- Aim of the exercise: All of the records must be repeated exactly as they read.

- Records for processing:

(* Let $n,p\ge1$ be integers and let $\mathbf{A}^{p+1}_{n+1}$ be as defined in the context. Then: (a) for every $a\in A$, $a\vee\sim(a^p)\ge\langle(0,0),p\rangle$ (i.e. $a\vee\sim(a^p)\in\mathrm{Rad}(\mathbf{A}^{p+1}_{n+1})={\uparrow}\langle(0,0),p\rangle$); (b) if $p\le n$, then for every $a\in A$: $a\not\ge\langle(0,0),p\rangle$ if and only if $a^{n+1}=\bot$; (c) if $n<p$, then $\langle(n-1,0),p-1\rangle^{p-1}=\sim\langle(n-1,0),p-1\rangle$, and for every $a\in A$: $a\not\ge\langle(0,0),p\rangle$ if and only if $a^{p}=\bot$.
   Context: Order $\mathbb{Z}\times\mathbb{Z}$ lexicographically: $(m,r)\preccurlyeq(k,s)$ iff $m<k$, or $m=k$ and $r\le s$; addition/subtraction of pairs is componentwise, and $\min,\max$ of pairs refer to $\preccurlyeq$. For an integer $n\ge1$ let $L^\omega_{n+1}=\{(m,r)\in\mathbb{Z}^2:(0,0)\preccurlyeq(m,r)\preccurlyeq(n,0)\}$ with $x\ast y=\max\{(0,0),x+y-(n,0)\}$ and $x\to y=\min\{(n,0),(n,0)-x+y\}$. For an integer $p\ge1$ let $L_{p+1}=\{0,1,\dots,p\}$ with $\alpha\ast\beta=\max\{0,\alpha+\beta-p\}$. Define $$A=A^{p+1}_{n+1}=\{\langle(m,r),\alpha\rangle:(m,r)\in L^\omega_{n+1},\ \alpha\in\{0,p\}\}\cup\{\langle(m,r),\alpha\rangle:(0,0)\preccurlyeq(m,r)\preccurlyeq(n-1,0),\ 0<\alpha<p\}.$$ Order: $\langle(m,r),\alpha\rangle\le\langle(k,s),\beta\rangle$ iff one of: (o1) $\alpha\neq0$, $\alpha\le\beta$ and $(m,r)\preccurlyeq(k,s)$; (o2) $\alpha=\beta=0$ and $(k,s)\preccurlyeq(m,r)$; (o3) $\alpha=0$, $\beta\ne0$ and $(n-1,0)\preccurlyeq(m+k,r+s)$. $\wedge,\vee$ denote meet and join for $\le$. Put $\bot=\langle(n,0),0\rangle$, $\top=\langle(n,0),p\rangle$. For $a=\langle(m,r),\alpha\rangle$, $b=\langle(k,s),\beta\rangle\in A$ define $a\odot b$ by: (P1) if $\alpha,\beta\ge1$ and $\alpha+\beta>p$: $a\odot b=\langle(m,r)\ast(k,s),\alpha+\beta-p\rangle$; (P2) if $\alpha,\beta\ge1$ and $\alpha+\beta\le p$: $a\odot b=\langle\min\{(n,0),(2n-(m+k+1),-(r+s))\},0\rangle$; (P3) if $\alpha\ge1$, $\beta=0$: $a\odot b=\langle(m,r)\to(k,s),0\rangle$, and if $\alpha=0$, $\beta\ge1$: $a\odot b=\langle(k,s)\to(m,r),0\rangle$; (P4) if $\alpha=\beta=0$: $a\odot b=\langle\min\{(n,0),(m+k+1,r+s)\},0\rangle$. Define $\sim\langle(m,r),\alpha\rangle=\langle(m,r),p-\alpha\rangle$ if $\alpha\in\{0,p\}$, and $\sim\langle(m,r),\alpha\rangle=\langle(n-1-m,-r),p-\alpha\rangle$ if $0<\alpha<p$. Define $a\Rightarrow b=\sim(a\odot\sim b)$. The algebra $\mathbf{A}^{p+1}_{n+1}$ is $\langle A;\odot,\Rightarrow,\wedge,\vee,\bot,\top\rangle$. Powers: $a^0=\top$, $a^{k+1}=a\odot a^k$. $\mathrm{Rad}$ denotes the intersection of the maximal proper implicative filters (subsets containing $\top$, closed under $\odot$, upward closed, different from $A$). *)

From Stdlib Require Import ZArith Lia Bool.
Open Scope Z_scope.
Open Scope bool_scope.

- Written response:
(* Let $n,p\ge1$ be integers and let $\mathbf{A}^{p+1}_{n+1}$ be as defined in the context. Then: (a) for every $a\in A$, $a\vee\sim(a^p)\ge\langle(0,0),p\rangle$ (i.e. $a\vee\sim(a^p)\in\mathrm{Rad}(\mathbf{A}^{p+1}_{n+1})={\uparrow}\langle(0,0),p\rangle$); (b) if $p\le n$, then for every $a\in A$: $a\not\ge\langle(0,0),p\rangle$ if and only if $a^{n+1}=\bot$; (c) if $n<p$, then $\langle(n-1,0),p-1\rangle^{p-1}=\sim\langle(n-1,0),p-1\rangle$, and for every $a\in A$: $a\not\ge\langle(0,0),p\rangle$ if and only if $a^{p}=\bot$.
   Context: Order $\mathbb{Z}\times\mathbb{Z}$ lexicographically: $(m,r)\preccurlyeq(k,s)$ iff $m<k$, or $m=k$ and $r\le s$; addition/subtraction of pairs is componentwise, and $\min,\max$ of pairs refer to $\preccurlyeq$. For an integer $n\ge1$ let $L^\omega_{n+1}=\{(m,r)\in\mathbb{Z}^2:(0,0)\preccurlyeq(m,r)\preccurlyeq(n,0)\}$ with $x\ast y=\max\{(0,0),x+y-(n,0)\}$ and $x\to y=\min\{(n,0),(n,0)-x+y\}$. For an integer $p\ge1$ let $L_{p+1}=\{0,1,\dots,p\}$ with $\alpha\ast\beta=\max\{0,\alpha+\beta-p\}$. Define $$A=A^{p+1}_{n+1}=\{\langle(m,r),\alpha\rangle:(m,r)\in L^\omega_{n+1},\ \alpha\in\{0,p\}\}\cup\{\langle(m,r),\alpha\rangle:(0,0)\preccurlyeq(m,r)\preccurlyeq(n-1,0),\ 0<\alpha<p\}.$$ Order: $\langle(m,r),\alpha\rangle\le\langle(k,s),\beta\rangle$ iff one of: (o1) $\alpha\neq0$, $\alpha\le\beta$ and $(m,r)\preccurlyeq(k,s)$; (o2) $\alpha=\beta=0$ and $(k,s)\preccurlyeq(m,r)$; (o3) $\alpha=0$, $\beta\ne0$ and $(n-1,0)\preccurlyeq(m+k,r+s)$. $\wedge,\vee$ denote meet and join for $\le$. Put $\bot=\langle(n,0),0\rangle$, $\top=\langle(n,0),p\rangle$. For $a=\langle(m,r),\alpha\rangle$, $b=\langle(k,s),\beta\rangle\in A$ define $a\odot b$ by: (P1) if $\alpha,\beta\ge1$ and $\alpha+\beta>p$: $a\odot b=\langle(m,r)\ast(k,s),\alpha+\beta-p\rangle$; (P2) if $\alpha,\beta\ge1$ and $\alpha+\beta\le p$: $a\odot b=\langle\min\{(n,0),(2n-(m+k+1),-(r+s))\},0\rangle$; (P3) if $\alpha\ge1$, $\beta=0$: $a\odot b=\langle(m,r)\to(k,s),0\rangle$, and if $\alpha=0$, $\beta\ge1$: $a\odot b=\langle(k,s)\to(m,r),0\rangle$; (P4) if $\alpha=\beta=0$: $a\odot b=\langle\min\{(n,0),(m+k+1,r+s)\},0\rangle$. Define $\sim\langle(m,r),\alpha\rangle=\langle(m,r),p-\alpha\rangle$ if $\alpha\in\{0,p\}$, and $\sim\langle(m,r),\alpha\rangle=\langle(n-1-m,-r),p-\alpha\rangle$ if $0<\alpha<p$. Define $a\Rightarrow b=\sim(a\odot\sim b)$. The algebra $\mathbf{A}^{p+1}_{n+1}$ is $\langle A;\odot,\Rightarrow,\wedge,\vee,\bot,\top\rangle$. Powers: $a^0=\top$, $a^{k+1}=a\odot a^k$. $\mathrm{Rad}$ denotes the intersection of the maximal proper implicative filters (subsets containing $\top$, closed under $\odot$, upward closed, different from $A$). *)

From Stdlib Require Import ZArith Lia Bool.
Open Scope Z_scope.
Open Scope bool_scope.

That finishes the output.